**WORK TO BE COMPLETED**. Scan the listing beneath this sentence. Report each line with the word "have".
:::::
(* Posterior p(m|y) over a set of models A (A = model space: true posterior;
   A = visited models: the renormalized estimate, with indicator). *)
Definition renorm_post (R : realType) (F : finType) (prior lik : {set F} -> R)
  (A : {set {set F}}) (m : {set F}) : R :=
  if m \in A then weight prior lik m / \sum_(m' in A) weight prior lik m' else 0.

Fixpoint kpow (R : realType) (St : finType) (K : St -> St -> R) (n : nat) (x y : St) : R :=
  if n is n'.+1 then \sum_(z : St) K x z * kpow K n' z y else (x == y)%:R.

Definition stochastic (R : realType) (St : finType) (K : St -> St -> R) : Prop :=
  (forall x y, 0 <= K x y) /\ (forall x, \sum_(y : St) K x y = 1).

Definition irreducible (R : realType) (St : finType) (K : St -> St -> R) : Prop :=
  forall x y, exists n, 0 < kpow K n x y.

Definition path_ev (T : Type) (St : Type) (X : nat -> T -> St) (n : nat) (f : nat -> St)
  : set T := [set w | forall i, (i <= n)%N -> X i w = f i].

Definition markov_chain (d : measure_display) (T : measurableType d) (R : realType)
  (P : probability T R) (St : finType) (X : nat -> T -> St) (K : St -> St -> R) : Prop :=
  stochastic K /\
  (forall n x, measurable [set w | X n w = x]) /\
  (forall n f, P (path_ev X n.+1 f) = (P (path_ev X n f) * (K (f n) (f n.+1))%:E)%E).

Definition visited (T : Type) (St : Type) (F : finType) (vis : St -> {set {set F}})
  (X : nat -> T -> St) (Tmax : nat) (w : T) : {set {set F}} :=
  \bigcup_(t < Tmax) vis (X t w).

(* Once every state of the chain has occurred, every model with at most [Q]
   features has been visited (since [s >= Q], each such model can be completed
   to a population of size [s]), and from then on the renormalised estimate is
   the posterior itself.  So it
   suffices that a finite irreducible Markov chain almost surely hits every
   state [y].  Irreducibility yields [N] and [q < 1] such that, from any state
   other than [y], the chain avoids [y] during [N] steps with probability at
   most [q]; by the Markov property the probability of avoiding [y] up to time
   [k * N] is then at most [q ^ k]. *)

From HB Require Import structures.
From mathcomp Require Import all_boot all_order all_algebra.
From mathcomp Require Import all_classical all_reals all_analysis.
Import Order.TTheory GRing.Theory Num.Theory.
Import numFieldNormedType.Exports.
Local Open Scope classical_set_scope.
Local Open Scope ring_scope.
Set Implicit Arguments. Unset Strict Implicit. Unset Printing Implicit Defensive.

Section Kernels.
Variables (R : realType) (St : finType).
Implicit Types (M : St -> St -> R) (x y z : St).

Lemma kpow_ge0 M : (forall x y, 0 <= M x y) -> forall n x y, 0 <= kpow M n x y.
Proof.
move=> M_ge0; elim=> [|n IHn] x y /=; first by rewrite ler0n.
by apply: sumr_ge0 => z _; rewrite mulr_ge0.
Qed.

Lemma kpow_sum1 M : stochastic M -> forall n x, \sum_y kpow M n x y = 1.
Proof.
move=> [_ M1]; elim=> [|n IHn] x /=.
  by rewrite (bigD1 x) //= eqxx big1 ?addr0 // => y; rewrite eq_sym => /negbTE ->.
rewrite exchange_big /= -[RHS](M1 x); apply: eq_bigr => z _.
by rewrite -mulr_sumr IHn mulr1.
Qed.

Lemma kpow_le1 M : stochastic M -> forall n x y, kpow M n x y <= 1.
Proof.
move=> MS n x y; rewrite -(kpow_sum1 MS n x) (bigD1 y) //= lerDl.
by apply: sumr_ge0 => z _; apply: kpow_ge0; case: MS.
Qed.

Lemma kpow_evolution M (u : nat -> St -> R) :
    (forall n y, u n.+1 y = \sum_x u n x * M x y) ->
  forall n N y, u (n + N)%N y = \sum_x u n x * kpow M N x y.
Proof.
move=> uS n N; elim: N n => [|N IHN] n y.
  by rewrite addn0 (bigD1 y) //= eqxx mulr1 big1 ?addr0 // => x /negbTE ->; rewrite mulr0.
rewrite addnS -addSn IHN; under eq_bigr do rewrite uS mulr_suml.
rewrite exchange_big /=; apply: eq_bigr => x _; rewrite mulr_sumr.
by apply: eq_bigr => z _; rewrite mulrA.
Qed.

Definition taboo M y x z := M x z * (z != y)%:R.

(* The probability that the chain with kernel [M] started at [x] avoids [y]
   at times 1, ..., n. *)
Definition survival M y n x := \sum_z kpow (taboo M y) n x z.

Section Survival.
Variables (K : St -> St -> R) (y : St).
Hypothesis K_stochastic : stochastic K.

Let K_ge0 : forall x z, 0 <= K x z. Proof. by case: K_stochastic. Qed.

Lemma taboo_ge0 x z : 0 <= taboo K y x z.
Proof. by rewrite mulr_ge0. Qed.

Lemma taboo_le x z : taboo K y x z <= K x z.
Proof. by rewrite /taboo; case: (z != y); rewrite ?mulr1 ?mulr0. Qed.

Lemma survival0 x : survival K y 0 x = 1.
Proof.
by rewrite /survival (bigD1 x) //= eqxx big1 ?addr0 // => z; rewrite eq_sym => /negbTE ->.
Qed.

Lemma survivalS n x :
  survival K y n.+1 x = \sum_z taboo K y x z * survival K y n z.
Proof. by rewrite /survival exchange_big; apply: eq_bigr => z _; rewrite mulr_sumr. Qed.

Lemma survival_nonincreasing x : {homo survival K y ^~ x : m n / (m <= n)%N >-> n <= m}.
Proof.
apply/nonincreasing_seqP => n; elim: n x => [|n IHn] x.
  rewrite survivalS survival0 -(K_stochastic.2 x); apply: ler_sum => z _.
  by rewrite survival0 mulr1 taboo_le.
by rewrite survivalS [leRHS]survivalS; apply: ler_sum => z _; rewrite ler_wpM2l ?taboo_ge0.
Qed.

Lemma survival_hit n x : x != y -> survival K y n x + kpow K n x y <= 1.
Proof.
elim: n x => [|n IHn] x xy; first by rewrite survival0 /= (negbTE xy) addr0.
rewrite survivalS /= -big_split /= -(K_stochastic.2 x); apply: ler_sum => z _.
have [->|zy] := eqVneq z y.
  by rewrite /taboo eqxx mulr0 mul0r add0r ler_piMr ?kpow_le1.
by rewrite /taboo zy mulr1 -mulrDr ler_piMr ?IHn.
Qed.

(* Irreducibility gives each [x != y] a time at which [y] is reached from [x]
   with positive probability; since survival is nonincreasing, the maximum of
   these times works for every [x] at once. *)
Lemma survival_uniformly_lt1 : irreducible K ->
  exists N (q : R), [/\ 0 <= q, q < 1 & forall x, x != y -> survival K y N x <= q].
Proof.
move=> Kirr; suff [N [q [q0 q1 Hq]]] : exists N (q : R),
    [/\ 0 <= q, q < 1 & forall x, x \in enum St -> x != y -> survival K y N x <= q].
  by exists N, q; split=> // x; apply: Hq; rewrite mem_enum.
elim: (enum St) => [|x s [N [q [q0 q1 Hq]]]]; first by exists 0%N, 0.
have [n xy_gt0] := Kirr x y.
exists (maxn N n), (Num.max q (1 - kpow K n x y)); split.
- by rewrite le_max q0.
- by rewrite gt_max q1 gtrBl.
move=> z; rewrite in_cons => /orP[/eqP-> xy|zs zy]; rewrite le_max.
  by rewrite orbC (le_trans (survival_nonincreasing _ (leq_maxr N n))) ?lerBrDr ?survival_hit.
by rewrite (le_trans (survival_nonincreasing _ (leq_maxl N n))) ?Hq.
Qed.

End Survival.
End Kernels.

Section RealProbability.
Context d (T : measurableType d) (R : realType) (P : probability T R).

Definition pr (A : set T) : R := fine (P A).

Lemma prE A : measurable A -> P A = (pr A)%:E.
Proof. by move=> mA; rewrite /pr fineK // fin_num_measure. Qed.

Lemma pr_ge0 A : 0 <= pr A.
Proof. by rewrite /pr fine_ge0. Qed.

Lemma pr_le1 A : measurable A -> pr A <= 1.
Proof. by move=> mA; rewrite -lee_fin -prE // probability_le1. Qed.

Lemma pr0 : pr set0 = 0.
Proof. by rewrite /pr measure0. Qed.

Lemma pr_le A B : measurable A -> measurable B -> A `<=` B -> pr A <= pr B.
Proof. by move=> mA mB AB; rewrite -lee_fin -!prE // le_measure // inE. Qed.

Lemma pr_total (V : finType) (Y : T -> V) A :
    (forall v, measurable [set w | Y w = v]) -> measurable A ->
  pr A = \sum_v pr (A `&` [set w | Y w = v]).
Proof.
move=> mY mA; have mAY v : measurable (A `&` [set w | Y w = v]) by exact: measurableI.
have {1}-> : A = \bigcup_(v in [set: V]) (A `&` [set w | Y w = v]).
  by apply/seteqP; split=> [w Aw|w [v _ []] //]; exists (Y w).
rewrite /pr measure_fin_bigcup //; last 2 first.
- exact: finite_finset.
- by move=> u v _ _ [w [[_ <-] [_ <-]]].
rewrite fsbig_finite ?finite_finset //= (perm_big (index_enum V)); last first.
  apply: uniq_perm => [||v]; [exact: finmap.fset_uniq|exact: index_enum_uniq|].
  by have := in_fset_set (@finite_finset V [set: V]) v; rewrite in_setT mem_index_enum.
by rewrite (eq_bigr _ (fun v _ => prE (mAY v))) sumEFin.
Qed.

End RealProbability.

Lemma le0_geometric_bound (R : realType) (q c : R) :
  0 <= q < 1 -> (forall k, c <= q ^+ k) -> c <= 0.
Proof.
move=> /andP[q0 q1] c_le; rewrite leNgt; apply/negP => c_gt0.
have q_norm_lt1 : `|q| < 1 by rewrite ger0_norm.
have [k /=] := filter_ex (cvgr0_norm_lt _ (cvg_expr q_norm_lt1) _ c_gt0).
by rewrite ger0_norm ?exprn_ge0 // => qk_lt; move: (c_le k); rewrite leNgt qk_lt.
Qed.

Section MarkovChain.
Context d (T : measurableType d) (R : realType) (P : probability T R).
Variables (St : finType) (X : nat -> T -> St) (K : St -> St -> R).
Hypothesis X_measurable : forall n x, measurable [set w | X n w = x].
Hypothesis X_path : forall n f,
  P (path_ev X n.+1 f) = (P (path_ev X n f) * (K (f n) (f n.+1))%:E)%E.

Definition trace n w : n.+1.-tuple St := Tuple (introT eqP (size_mkseq (X^~ w) n.+1)).

Lemma tnth_trace n w (i : 'I_n.+1) : tnth (trace n w) i = X i w.
Proof. by rewrite (tnth_nth (X 0 w)) /= nth_mkseq. Qed.

Lemma traceS n w : val (trace n.+1 w) = rcons (trace n w) (X n.+1 w).
Proof. exact: mkseqS. Qed.

Lemma trace_eqE x0 n w t : trace n w = t <-> path_ev X n (nth x0 t) w.
Proof.
split=> [<- i le_in|Ht]; first by rewrite /= nth_mkseq.
apply: val_inj; apply: (@eq_from_nth _ x0) => [|i]; rewrite ?size_tuple // => lt_in.
by rewrite /= nth_mkseq // Ht.
Qed.

Lemma trace_eq_path x0 n t : [set w | trace n w = t] = path_ev X n (nth x0 t).
Proof. by apply/seteqP; split=> w /(trace_eqE x0). Qed.

Lemma measurable_path_ev n f : measurable (path_ev X n f).
Proof.
rewrite (_ : path_ev X n f = \bigcap_(i in `I_n.+1) [set w | X i w = f i]).
  by apply: bigcap_measurableType => i _.
by apply/seteqP; split=> w Hw i /Hw.
Qed.

Lemma measurable_trace_eq n t : measurable [set w | trace n w = t].
Proof. by rewrite (trace_eq_path (thead t)); exact: measurable_path_ev. Qed.

Lemma measurable_trace_pred n (E : pred (n.+1.-tuple St)) :
  measurable [set w | E (trace n w)].
Proof.
rewrite (_ : [set w | _] = \bigcup_(t in [set t | E t]) [set w | trace n w = t]).
  by apply: fin_bigcup_measurable => [|t _]; [exact: finite_finset|exact: measurable_trace_eq].
by apply/seteqP; split=> [w Ew|w [t Et /= ->] //]; exists (trace n w).
Qed.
:::::
**REPLY**.
have [->|zy] := eqVneq z y.
have [n xy_gt0] := Kirr x y.
move=> mY mA; have mAY v : measurable (A `&` [set w | Y w = v]) by exact: measurableI.
have {1}-> : A = \bigcup_(v in [set: V]) (A `&` [set w | Y w = v]).
  by have := in_fset_set (@finite_finset V [set: V]) v; rewrite in_setT mem_index_enum.
have q_norm_lt1 : `|q| < 1 by rewrite ger0_norm.
have [k /=] := filter_ex (cvgr0_norm_lt _ (cvg_expr q_norm_lt1) _ c_gt0).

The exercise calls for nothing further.